• Task details: Everything from the line containing "Rmin (d / 2) (T / 2))." through the line containing "rewrite <- (RInt_opp" should be repeated exactly, and nothing else from the data.
^^^^
Theorem mainTheorem2 (R : realType) (d : nat) (L : 'rV[R]_d -> R)
  (eta lambda : R) (xt xt1 : 'rV[R]_d) :
  C2_off0 L -> scale_invariant L ->
  0 < eta -> 0 < lambda -> eta * lambda < 1 ->
  xt != 0 ->
  xt1 = (1 - eta * lambda) *: xt - eta *: grad L xt ->
  L xt - L xt1 >=
    eta * ((1 - eta * lambda)^-1
           - rho L * eta / (2 * enorm xt ^+ 2 * (1 - eta * lambda) ^+ 2))
        * enorm (grad L xt) ^+ 2
  /\
  (eta * lambda <= 2^-1 ->
   L xt - L xt1 >=
     eta * (1 - 2 * rho L * eta / enorm xt ^+ 2) * enorm (grad L xt) ^+ 2).
Proof.
move=> CL sL eta0 lambda0 el1 x0 ->.
set g := grad L xt; set b := 1 - eta * lambda; set c := eta / b.
have b0 : 0 < b by rewrite subr_gt0.
have [dL _ _] := CL xt x0.
have xg : dotp xt (- g) = 0 by rewrite dotpNr dotp_grad_self // oppr0.
have -> : b *: xt - eta *: g = b *: (xt + c *: - g).
  by rewrite scalerDr scalerA scalerN /c mulrC divfK ?gt_eqF.
rewrite sL ?orth_addr_neq0 ?dotpZr ?xg ?mulr0 //.
have := scale_invariant_step_le sL CL x0 xg (divr_ge0 (ltW eta0) (ltW b0)).
rewrite -dotp_grad // dotpNl -enorm_sqr enormN -/c => step.
have descent : eta * (b^-1 - rho L * eta / (2 * enorm xt ^+ 2 * b ^+ 2)) *
               enorm g ^+ 2 <= L xt - L (xt + c *: - g).
  suff -> : eta * (b^-1 - rho L * eta / (2 * enorm xt ^+ 2 * b ^+ 2)) * enorm g ^+ 2
    = c * enorm g ^+ 2 - rho L * enorm g ^+ 2 / enorm xt ^+ 2 * c ^+ 2 / 2 by lra.
  by rewrite /c; field; rewrite !gt_eqF ?enorm_gt0.
split=> // half; apply: le_trans descent.
apply: ler_wpM2r; first exact: sqr_ge0.
apply: ler_wpM2l; first exact: ltW.
apply: step_coef_le => //; first exact: rho_ge0 (dim_gt0_rV x0).
  by rewrite exprn_gt0 ?enorm_gt0.
by rewrite half ltW ?mulr_gt0.
Qed.
Lemma trm_mul_sd_coord (x y : F) :
  trm n (x * y) = (\sum_k (sd_coord x k && sd_coord y k) : nat)%:R.
Proof.
rewrite {1}(self_dual_expand y) mulr_sumr trm_sum natr_sum; apply: eq_bigr => k _.
by rewrite mulrCA trm_natrM -[trm n _]tobit_trmK mulrC natr_andb.
Qed.

Lemma sd_coordD (x y : F) k : sd_coord (x + y) k = sd_coord x k (+) sd_coord y k.
Proof. by rewrite /sd_coord mulrDl tobit_trmD. Qed.

Lemma wt_sum_sd_coord (x : F) : wt alpha x = (\sum_k (sd_coord x k : nat))%N.
Proof. by rewrite /wt -sum1_card big_mkcond /=; apply: eq_bigr => k _; rewrite inE. Qed.

Lemma wtD (x y : F) :
  (wt alpha (x + y)%R + 2 * \sum_k (sd_coord x k && sd_coord y k : nat))%N
  = (wt alpha x + wt alpha y)%N.
Proof.
rewrite !wt_sum_sd_coord big_distrr -!big_split; apply: eq_bigr => k _.
by rewrite sd_coordD; case: (sd_coord x k); case: (sd_coord y k).
Qed.

Lemma sign_character (chi : F -> algC) :
  chi 0 = 1 -> {morph chi : x y / x + y >-> x * y} ->
  exists c : F, forall x, chi x = sgn (tobit (trm n (c * x))).
Proof.
move=> chi0 chiD.
have chi_sign k : chi k = sgn (chi k != 1).
  have : chi k ^+ 2 == 1 by rewrite expr2 -chiD (addrr_pchar2 pcharF2) chi0.
  rewrite sqrf_eq1 => /orP[] /eqP->; first by rewrite eqxx.
  by rewrite lt_eqF // (lt_trans (ltrN10 _) ltr01).
pose S := [set k | chi (alpha k) != 1].
exists (\sum_(k in S) alpha k) => x.
rewrite trm_mul_sd_coord tobit_natr_odd /sgn signr_odd -prodrXr.
rewrite {1}(self_dual_expand x) (big_morph chi chiD chi0).
apply: eq_bigr => k _; rewrite sd_coord_basis_sum inE.
case: (sd_coord x k); last by rewrite mul0r chi0 andbF.
by rewrite mul1r andbT [LHS]chi_sign.
Qed.

Lemma i_pow_wtD (x y : F) :
  'i ^+ wt alpha (x + y) = 'i ^+ wt alpha x * 'i ^+ wt alpha y * sgn (tobit (trm n (x * y))).
Proof.
rewrite trm_mul_sd_coord tobit_natr_odd /sgn signr_odd.
rewrite -exprD -wtD exprD exprM sqrCi -mulrA -expr2 -exprM.
by rewrite exprM sqrr_sign mulr1.
Qed.

End SelfDualBasis.

Section QuadraticForm.
Hypotheses (n_even : ~~ odd n) (n_gt0 : (0 < n)%N).
Local Notation m := n./2.

Let n_half : n = (m + m)%N.
Proof. by rewrite addnn -[LHS]odd_double_half (negbTE n_even). Qed.

Lemma trm_mul_pow2 i (x y : F) :
  (i <= n)%N -> trm n (x * y ^+ (2 ^ i)) = trm n (x ^+ (2 ^ (n - i)) * y).
Proof.
move=> le_in; rewrite -(trm_pow2_arg (n - i)) exprMn -exprM -expnD subnKC //.
by rewrite expr_pow2_card.
Qed.

Lemma trm_pow2S_polar i (x y : F) : (i <= n)%N ->
  trm n ((x + y) ^+ (2 ^ i + 1)) = trm n (x ^+ (2 ^ i + 1)) + trm n (y ^+ (2 ^ i + 1))
    + (trm n (x ^+ (2 ^ i) * y) + trm n (x ^+ (2 ^ (n - i)) * y)).
Proof.
move=> le_in; rewrite !addn1 !exprSr exprD_pow2 !mulrDl !mulrDr !trmD.
by rewrite -(trm_mul_pow2 x y le_in) [x * _]mulrC; ring.
Qed.
(* The coefficients (c + j) a_j all vanish only if at most one a_j is nonzero. *)
Lemma monomial_of_ann_poly_zero (p : cpoly) (c : C) :
  List.Forall (fun x : C => x = 0) (ann_poly p c) -> is_monomial p.
Proof.
  revert c; induction p as [|a q IH]; intros c Hz; [exists 0, 0%nat; intros; simpl; ring|].
  inversion Hz as [|? ? Ha Hq]; subst.
  destruct (Cmult_integral _ _ Ha) as [-> | ->].
  - exists a, 0%nat; intros x; simpl.
    rewrite (peval_zero_of_ann_poly_zero q (0 + 1)); auto; [ring|].
    intros j E; apply (f_equal fst) in E; simpl in E.
    pose proof (pos_INR j); lra.
  - destruct (IH _ Hq) as (b & m & Hm).
    exists b, (S m); intros x; simpl; rewrite Hm; ring.
Qed.

Lemma last_nonzero_split (q : list C) :
  List.Exists (fun x : C => x <> 0) q ->
  exists r b zs, q = r ++ b :: zs /\ b <> 0 /\ List.Forall (fun x : C => x = 0) zs.
Proof.
  induction q as [|a q IH]; intros H; [inversion H|].
  destruct (classic (List.Exists (fun x : C => x <> 0) q)) as [Hq | Hq].
  - destruct (IH Hq) as (r & b & zs & -> & Hb & Hzs).
    exists (a :: r), b, zs; auto.
  - apply Exists_cons in H; destruct H as [Ha | Hq']; [|contradiction].
    exists nil, a, q; repeat split; auto.
    apply Forall_Exists_neg in Hq; eapply Forall_impl; [|exact Hq].
    intros x Hx; apply NNPP; auto.
Qed.

Lemma pL_app_app (r s : cpoly) (f : vec) (n : nat) :
  pL_app (r ++ s) f n = pL_app r f n + pL_app s f (n + length r)%nat.
Proof.
  revert n; induction r as [|x r IH]; intros n; simpl; unfold vzero, vadd, vscal.
  - rewrite Nat.add_0_r; ring.
  - rewrite IH; replace (S n + length r)%nat with (n + S (length r))%nat by lia; ring.
Qed.

Lemma pL_app_zeros (zs : cpoly) (f : vec) (n : nat) :
  List.Forall (fun x : C => x = 0) zs -> pL_app zs f n = 0.
Proof.
  intros H; revert n; induction H as [|x zs Hx _ IH]; intros n; simpl; unfold vzero, vadd, vscal; auto.
  rewrite IH, Hx; ring.
Qed.

Lemma pL_app_vanish (r : cpoly) (f : vec) (n : nat) :
  (forall j, (j < length r)%nat -> f (n + j)%nat = 0) -> pL_app r f n = 0.
Proof.
  revert n; induction r as [|x r IH]; intros n H; simpl; unfold vzero, vadd, vscal; auto.
  rewrite IH.
  - replace (f n) with (f (n + 0)%nat) by (f_equal; lia); rewrite H by (simpl; lia); ring.
  - intros j Hj; replace (S n + j)%nat with (n + S j)%nat by lia; apply H; simpl; lia.
Qed.
Lemma Xset_step_lead l i (d : nat) (y : V) r : (d <= T)%N -> ((2 * T) + e + 1 <= l)%N ->
  o r -> lead_at i d y -> pid (e + l) (B y - rho) ->
  (pid (e + l).+1 (B (y + evec i (pi ^+ (l - d) * - r)) - rho) <->
   pid 1 ((B y - rho) / (2 * pi ^+ l) - lead_unit i d y * r)).
Proof.
move=> dT hl orr hQ hy.
have h20 : 2 * pi ^+ l != 0 by rewrite mulf_neq0 ?piX_neq0.
have E := @diagQF_add_lead l i d y (- r) dT hl (intON orr).
set c := (B y - rho) / (2 * pi ^+ l).
have ec : B y - rho = 2 * pi ^+ l * c by rewrite /c mulrC divfK.
have -> : B (y + evec i (pi ^+ (l - d) * - r)) - rho =
   (B (y + evec i (pi ^+ (l - d) * - r)) - B y - 2 * pi ^+ l * (lead_unit i d y * - r))
   + 2 * pi ^+ l * (c - lead_unit i d y * r).
  by rewrite mulrBr -ec; ring.
rewrite -addn1 in E; rewrite -addn1 -(pid_mul2piX _ l 1); split => h.
  by have := pidB h E; rewrite addrC addKr.
by apply: pidD.
Qed.

Section FixedLevel.
Variable l : nat.
Hypothesis hl : ((2 * T) + e + 1 <= l)%N.

Definition XT k := Xset ord pi a k rho.
Definition lead_slice (i : 'I_n) (d : 'I_T.+1) := XT l `&` lead_at i d.
Definition lead_slice1 (i : 'I_n) (d : 'I_T.+1) := XT l.+1 `&` lead_at i d.
Definition lead_shift (i : 'I_n) (d : nat) (k : 'I_q) : V :=
  evec i (pi ^+ (l - d) * nth 0 resid k).
Local Notation shifted i d k := (translate (lead_shift i d k) (lead_slice1 i d)).

Lemma saturated_XT : saturated l.+1 (XT l).
Proof. apply: saturated_Xset; lia. Qed.
Lemma saturated_XT1 : saturated l.+1 (XT l.+1).
Proof. apply: saturated_Xset; lia. Qed.

Lemma saturated_lead M A i (d : 'I_T.+1) :
  (T < M)%N -> saturated M A -> saturated M (A `&` lead_at i d).
Proof.
move=> TM iA; apply: saturatedI => // x y _ Cx hy; apply: lead_at_ball Cx hy => //.
by rewrite -ltnS.
Qed.
Lemma integral_RInt (f : R -> R) (a b : R) :
  ex_RInt f a b -> integral f a b = RInt f a b.
Proof.
  intros Hf. pose proof (ex_RInt_Reals_0 f a b Hf) as pr.
  rewrite (RInt_Reals f a b pr). unfold integral.
  destruct (epsilon_spec (inhabits 0)
    (fun I => exists pr : Riemann_integrable f a b, RiemannInt pr = I)
    (ex_intro _ _ (ex_intro _ pr eq_refl))) as [pr' <-].
  apply RiemannInt_P5.
Qed.

(** * Real functions of one variable *)

Lemma continuous_of_is_derive (f df : R -> R) (z : R) :
  (forall z, is_derive f z (df z)) -> continuous f z.
Proof. intros Hf. apply (@ex_derive_continuous R_AbsRing R_NormedModule). eexists. apply Hf. Qed.

Lemma continuous_plus_R (f h : R -> R) (x : R) :
  continuous f x -> continuous h x -> continuous (fun y => f y + h y) x.
Proof.
  intros Hf%continuity_pt_filterlim Hh%continuity_pt_filterlim.
  apply continuity_pt_filterlim, continuity_pt_plus; assumption.
Qed.

Lemma continuous_scal_l (f : R -> R) (c x : R) :
  continuous f x -> continuous (fun y => c * f y) x.
Proof.
  intros Hf%continuity_pt_filterlim. apply continuity_pt_filterlim.
  apply continuity_pt_mult; [apply continuity_pt_const; intros ? ?; reflexivity | exact Hf].
Qed.

Lemma continuous_lin (f h : R -> R) (c d x : R) :
  continuous f x -> continuous h x -> continuous (fun y => c * f y + d * h y) x.
Proof. intros Hf Hh. apply continuous_plus_R; apply continuous_scal_l; assumption. Qed.

Lemma continuous_Rabs_comp (f : R -> R) (x : R) :
  continuous f x -> continuous (fun y => Rabs (f y)) x.
Proof.
  intros Hf. apply (continuous_comp f Rabs); [exact Hf |].
  apply continuity_pt_filterlim, Rcontinuity_abs.
Qed.

Lemma is_derive_comp_R (f g : R -> R) (x df dg : R) :
  is_derive f (g x) df -> is_derive g x dg -> is_derive (fun y => f (g y)) x (df * dg).
Proof. intros Hf Hg. rewrite Rmult_comm. exact (is_derive_comp f g x df dg Hf Hg). Qed.

Lemma is_derive_mult_R (f g : R -> R) (x df dg : R) :
  is_derive f x df -> is_derive g x dg ->
  is_derive (fun y => f y * g y) x (df * g x + f x * dg).
Proof. intros Hf Hg. exact (is_derive_mult f g x df dg Hf Hg Rmult_comm). Qed.

Lemma derivable_pt_lim_const_on_0 (f : R -> R) (T t l : R) :
  0 < T -> 0 <= t <= T -> (forall s, 0 <= s <= T -> f s = f 0) ->
  derivable_pt_lim f t l -> l = 0.
Proof.
  intros HT Ht Hc Hd. destruct (Req_dec l 0) as [| Hl]; [assumption | exfalso].
  destruct (Hd (Rabs l) (Rabs_pos_lt l Hl)) as [d Hdd]. pose proof (cond_pos d).
  (* a step [h] keeping [t + h] in [0, T], where the difference quotient vanishes *)
  assert (Hstep : exists h, h <> 0 /\ Rabs h < d /\ 0 <= t + h <= T).
  { set (h := Rmin (d / 2) (T / 2)).
    assert (0 < h) by (apply Rmin_pos; lra).
    assert (h <= d / 2) by apply Rmin_l. assert (h <= T / 2) by apply Rmin_r.
    destruct (Rle_or_lt (t + h) T); [exists h | exists (- h)];
      rewrite ?Rabs_Ropp, Rabs_right by lra; repeat split; lra. }
  destruct Hstep as [h [Hh0 [Hhd Hth]]].
  specialize (Hdd h Hh0 Hhd).
  rewrite (Hc t), (Hc (t + h)), Rminus_diag, Rdiv_0_l, Rminus_0_l, Rabs_Ropp in Hdd by lra.
  lra.
Qed.

(** * Integrals *)

Lemma ex_RInt_cont (f : R -> R) (a b : R) : (forall x, continuous f x) -> ex_RInt f a b.
Proof. intros Hf. apply (@ex_RInt_continuous R_CompleteNormedModule). intros; apply Hf. Qed.

Lemma RInt_scal_l (c : R) (f : R -> R) (a b : R) :
  ex_RInt f a b -> RInt (fun x => c * f x) a b = c * RInt f a b.
Proof. exact (RInt_scal f a b c). Qed.

Lemma RInt_lin (f h : R -> R) (c d a b : R) :
  ex_RInt f a b -> ex_RInt h a b ->
  RInt (fun x => c * f x + d * h x) a b = c * RInt f a b + d * RInt h a b.
Proof.
  intros Hf Hh. rewrite <- !RInt_scal_l by assumption.
  exact (RInt_plus (fun x => c * f x) (fun x => d * h x) a b
           (ex_RInt_scal f a b c Hf) (ex_RInt_scal h a b d Hh)).
Qed.

Lemma RInt_const_01 (c : R) : RInt (fun _ => c) 0 1 = c.
Proof. rewrite RInt_const. unfold scal; simpl; unfold mult; simpl. ring. Qed.

Lemma neg_RInt_le (f B : R -> R) (a b : R) : a <= b ->
  (forall x, continuous f x) -> (forall x, continuous B x) ->
  (forall x, a < x < b -> - f x <= B x) -> - RInt f a b <= RInt B a b.
Proof.
  intros Hab Hf HB H.
  rewrite <- (RInt_opp f) by (apply ex_RInt_cont, Hf).
  apply RInt_le; [exact Hab | | apply ex_RInt_cont, HB | exact H].
  apply ex_RInt_cont. intros x.
  apply continuity_pt_filterlim, continuity_pt_opp, continuity_pt_filterlim, Hf.
Qed.

Lemma abs_RInt_le_RInt_abs_sub (f : R -> R) (a b c d : R) :
  a <= c -> c <= d -> d <= b -> (forall x, continuous f x) ->
  Rabs (RInt f c d) <= RInt (fun x => Rabs (f x)) a b.
Proof.
  intros Hac Hcd Hdb Hf.
  assert (Habs : forall u v, ex_RInt (fun x => Rabs (f x)) u v)
    by (intros; apply ex_RInt_cont; intros; apply continuous_Rabs_comp, Hf).
  assert (Hpos : forall u v, u <= v -> 0 <= RInt (fun x => Rabs (f x)) u v)
    by (intros; apply RInt_ge_0; [assumption | apply Habs | intros; apply Rabs_pos]).
  rewrite <- (RInt_Chasles _ a c b), <- (RInt_Chasles _ c d b) by apply Habs.
  pose proof (Hpos a c Hac); pose proof (Hpos d b Hdb).
  pose proof (abs_RInt_le f c d Hcd (ex_RInt_cont f c d Hf)).
  unfold plus; simpl. lra.
Qed.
^^^^
• Response below:
  { set (h := Rmin (d / 2) (T / 2)).
    assert (0 < h) by (apply Rmin_pos; lra).
    assert (h <= d / 2) by apply Rmin_l. assert (h <= T / 2) by apply Rmin_r.
    destruct (Rle_or_lt (t + h) T); [exists h | exists (- h)];
      rewrite ?Rabs_Ropp, Rabs_right by lra; repeat split; lra. }
  destruct Hstep as [h [Hh0 [Hhd Hth]]].
  specialize (Hdd h Hh0 Hhd).
  rewrite (Hc t), (Hc (t + h)), Rminus_diag, Rdiv_0_l, Rminus_0_l, Rabs_Ropp in Hdd by lra.
  lra.
Qed.

(** * Integrals *)

Lemma ex_RInt_cont (f : R -> R) (a b : R) : (forall x, continuous f x) -> ex_RInt f a b.
Proof. intros Hf. apply (@ex_RInt_continuous R_CompleteNormedModule). intros; apply Hf. Qed.

Lemma RInt_scal_l (c : R) (f : R -> R) (a b : R) :
  ex_RInt f a b -> RInt (fun x => c * f x) a b = c * RInt f a b.
Proof. exact (RInt_scal f a b c). Qed.

Lemma RInt_lin (f h : R -> R) (c d a b : R) :
  ex_RInt f a b -> ex_RInt h a b ->
  RInt (fun x => c * f x + d * h x) a b = c * RInt f a b + d * RInt h a b.
Proof.
  intros Hf Hh. rewrite <- !RInt_scal_l by assumption.
  exact (RInt_plus (fun x => c * f x) (fun x => d * h x) a b
           (ex_RInt_scal f a b c Hf) (ex_RInt_scal h a b d Hh)).
Qed.

Lemma RInt_const_01 (c : R) : RInt (fun _ => c) 0 1 = c.
Proof. rewrite RInt_const. unfold scal; simpl; unfold mult; simpl. ring. Qed.

Lemma neg_RInt_le (f B : R -> R) (a b : R) : a <= b ->
  (forall x, continuous f x) -> (forall x, continuous B x) ->
  (forall x, a < x < b -> - f x <= B x) -> - RInt f a b <= RInt B a b.
Proof.
  intros Hab Hf HB H.
  rewrite <- (RInt_opp f) by (apply ex_RInt_cont, Hf).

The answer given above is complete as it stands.